Stored items
Lemma du_sq_le1 M (u : dir M) i : IZR (du u i) ^ 2 <= 1.
Proof. by case: (du_cases u i) => [->|[->|->]] /=; lra. Qed.

(* For an admissible step the coordinates of n + u are n_i + u_i (no truncation). *)
Lemma add_step_val M (n : pt M) (u : dir M) i : u \in Nset n ->
  INR (add_step n u i) = INR (n i) + IZR (du u i).
Proof.
move=> /forallP /(_ i) /Z.leb_le nu_ge0; rewrite ffunE.
by rewrite INR_IZR_INZ Z2Nat.id // plus_IZR -INR_IZR_INZ.
Qed.

Lemma box_finite M (r : R) :
  exists s : seq (pt M), forall n : pt M, (forall i, INR (n i) <= r) -> n \in s.
Proof.
set K0 := Z.to_nat (up r).
exists (map (fun f : {ffun 'I_M -> 'I_K0.+1} => [ffun i => nat_of_ord (f i)] : pt M)
            (enum {ffun 'I_M -> 'I_K0.+1})).
move=> n n_le.
have n_lt i : (n i < K0.+1)%N.
  have /lt_IZR lt_up : IZR (Z.of_nat (n i)) < IZR (up r).
    by rewrite -INR_IZR_INZ; apply: Rle_lt_trans (n_le i) (proj1 (archimed r)).
  by apply/ltP; rewrite /K0; lia.
have -> : n = [ffun i => nat_of_ord ([ffun j => (inord (n j) : 'I_K0.+1)] i)].
  by apply/ffunP => i; rewrite !ffunE inordK.
by apply: map_f; rewrite mem_enum.
Qed.

Section OneStep.

Variables (M : nat) (W : rwalk M).
Hypothesis W_ok : rwalk_ok W.

Lemma mean_increment (n : pt M) i :
  \rsum_(u | u \in Nk W (c W n)) (p W (c W n) u * IZR (du u i)) = splus W i n - sminus W i n.
Proof.
rewrite /splus /sminus !big_mkcondr.
transitivity (\rsum_(u | u \in Nk W (c W n))
   ((if Z.eqb (du u i) 1 then p W (c W n) u else 0) +
    (-1) * (if Z.eqb (du u i) (-1) then p W (c W n) u else 0))).
  by apply: eq_bigr => u _; case: (du_cases u i) => [->|[->|->]] /=; lra.
by rewrite big_split rsum_scal /=; ring.
Qed.

Lemma square_increment (n : pt M) i :
  \rsum_(u | u \in Nk W (c W n)) (p W (c W n) u * INR (add_step n u i) ^ 2) - INR (n i) ^ 2
  <= 2 * INR (n i) * (splus W i n - sminus W i n) + 1.
Proof.
have [N_ok [p_ge0 p_sum1]] := W_ok.
set x := INR (n i); set q := p W (c W n).
have : \rsum_(u | u \in Nk W (c W n)) (q u * INR (add_step n u i) ^ 2) <=
       \rsum_(u | u \in Nk W (c W n))
         ((x ^ 2 * q u + (2 * x) * (q u * IZR (du u i))) + q u).
  apply: rsum_le => u uN.
  rewrite (@add_step_val _ n u i) -?N_ok // -/x.
  have := Rmult_le_compat_l _ _ _ (p_ge0 _ _ uN) (du_sq_le1 u i).
  rewrite -/q; nra.
by rewrite !big_split /= !rsum_scal p_sum1 mean_increment; lra.
Qed.

Lemma Vfun_increment mu0 (mu : 'I_M -> R) (n : pt M) :
  \rsum_(u | u \in Nk W (c W n)) (p W (c W n) u * Vfun W mu0 mu (add_step n u))
    - Vfun W mu0 mu n =
  \rsum_(i < M) (vcoef W mu0 mu i *
    (\rsum_(u | u \in Nk W (c W n)) (p W (c W n) u * INR (add_step n u i) ^ 2)
     - INR (n i) ^ 2)).
Proof.
set q := p W (c W n).
have -> : \rsum_(u | u \in Nk W (c W n)) (q u * Vfun W mu0 mu (add_step n u)) =
          \rsum_(i < M) (vcoef W mu0 mu i * \rsum_(u | u \in Nk W (c W n)) (q u * INR (add_step n u i) ^ 2)).
  rewrite /Vfun; under eq_bigr => u _ do rewrite -rsum_scal.
  rewrite exchange_big /=; apply: eq_bigr => i _.
  by rewrite -rsum_scal; apply: eq_bigr => u _; ring.
rewrite /Vfun.
transitivity (\rsum_(i < M) (vcoef W mu0 mu i *
                  \rsum_(u | u \in Nk W (c W n)) (q u * INR (add_step n u i) ^ 2))
              + (-1) * \rsum_(i < M) (vcoef W mu0 mu i * INR (n i) ^ 2)); first ring.
by rewrite -rsum_scal -big_split /=; apply: eq_bigr => i _; ring.
Qed.

End OneStep.

Section NegativeDrift.

Variables (M : nat) (W : rwalk M).
Hypothesis W_neg : negative_drift W.

(* Each coordinate-wise drift set is bounded and nonempty, and its supremum
   is negative since it is dominated by the global supremum. *)
Lemma coord_drift_sup (i : 'I_M) :
  is_lub (drift_set_i W i) (supR (drift_set_i W i)) /\ supR (drift_set_i W i) < 0.
Proof.
have [Db Dne] := supR_neg_bound W_neg.
have [D_ub D_lub] := supR_lub Db Dne.
have sub : is_upper_bound (drift_set_i W i) (supR (drift_set W)).
  by move=> r [n [n_pos ->]]; apply: D_ub; exists n, i.
have Di_ne : exists x, drift_set_i W i x.
  by exists (splus W i [ffun=> 1%N] - sminus W i [ffun=> 1%N]), [ffun=> 1%N]; rewrite ffunE.
have Di_sup := supR_lub (ex_intro _ _ sub) Di_ne.
by split=> //; apply: Rle_lt_trans W_neg; apply: (proj2 Di_sup).
Qed.

Variables (mu0 : R) (mu : 'I_M -> R).
Hypothesis mu_star_nonneg : 0 <= mu_star mu0 mu.

Lemma vcoef_ge0 i : 0 <= vcoef W mu0 mu i.
Proof.
have [_ sup_neg] := coord_drift_sup i.
have : 0 < - / supR (drift_set_i W i) by apply/Ropp_0_gt_lt_contravar/Rinv_lt_0_compat.
by rewrite /vcoef /Rdiv; nra.
Qed.

Lemma coord_drift (W_ok : rwalk_ok W) (n : pt M) i :
  vcoef W mu0 mu i *
    (\rsum_(u | u \in Nk W (c W n)) (p W (c W n) u * INR (add_step n u i) ^ 2) - INR (n i) ^ 2)
  <= vcoef W mu0 mu i - 2 * mu_star mu0 mu * INR (n i).
Proof.
have v_ge0 := vcoef_ge0 i.
have [[sup_ub _] sup_neg] := coord_drift_sup i.
set v := vcoef W mu0 mu i; set d := splus W i n - sminus W i n.
apply: Rle_trans (Rmult_le_compat_l _ _ _ v_ge0 (square_increment W_ok n i)) _.
rewrite -/v -/d.
have [n0 | n_pos] := posnP (n i).
  by rewrite n0 /=; nra.
have vd_le : v * d <= - mu_star mu0 mu.
  have -> : - mu_star mu0 mu = v * supR (drift_set_i W i) by rewrite /v /vcoef; field; lra.
  by apply: Rmult_le_compat_l => //; apply: sup_ub; exists n.
have x_ge0 := pos_INR (n i).
nra.
Qed.

Lemma Vfun_drift (W_ok : rwalk_ok W) (n : pt M) :
  \rsum_(u | u \in Nk W (c W n)) (p W (c W n) u * Vfun W mu0 mu (add_step n u))
    - Vfun W mu0 mu n
  <= (bconst W mu0 mu - mu0) - 2 * mu_star mu0 mu * (\rsum_(i < M) INR (n i)).
Proof.
rewrite Vfun_increment.
apply: (Rle_trans _ (\rsum_(i < M) (vcoef W mu0 mu i - 2 * mu_star mu0 mu * INR (n i)))).
  by apply: rsum_le => i _; apply: coord_drift.
apply: Req_le; transitivity (\rsum_(i < M) vcoef W mu0 mu i
                + (-2 * mu_star mu0 mu) * (\rsum_(i < M) INR (n i))); last by rewrite /bconst; ring.
by rewrite -rsum_scal -big_split /=; apply: eq_bigr => i _; ring.
Qed.

End NegativeDrift.

Section ExceptionalSet.

Variables (M : nat) (W : rwalk M) (mu0 : R) (mu : 'I_M -> R).
Hypothesis mu_star_gt0 : 0 < mu_star mu0 mu.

| Exercise details |
Give back, unchanged, the line that holds "by apply: Rmult_le_compat_l" along with all lines after it through the last line above.

| Solution for this problem |
  by apply: Rmult_le_compat_l => //; apply: sup_ub; exists n.
have x_ge0 := pos_INR (n i).
nra.
Qed.

Lemma Vfun_drift (W_ok : rwalk_ok W) (n : pt M) :
  \rsum_(u | u \in Nk W (c W n)) (p W (c W n) u * Vfun W mu0 mu (add_step n u))
    - Vfun W mu0 mu n
  <= (bconst W mu0 mu - mu0) - 2 * mu_star mu0 mu * (\rsum_(i < M) INR (n i)).
Proof.
rewrite Vfun_increment.
apply: (Rle_trans _ (\rsum_(i < M) (vcoef W mu0 mu i - 2 * mu_star mu0 mu * INR (n i)))).
  by apply: rsum_le => i _; apply: coord_drift.
apply: Req_le; transitivity (\rsum_(i < M) vcoef W mu0 mu i
                + (-2 * mu_star mu0 mu) * (\rsum_(i < M) INR (n i))); last by rewrite /bconst; ring.
by rewrite -rsum_scal -big_split /=; apply: eq_bigr => i _; ring.
Qed.

End NegativeDrift.

Section ExceptionalSet.

Variables (M : nat) (W : rwalk M) (mu0 : R) (mu : 'I_M -> R).
Hypothesis mu_star_gt0 : 0 < mu_star mu0 mu.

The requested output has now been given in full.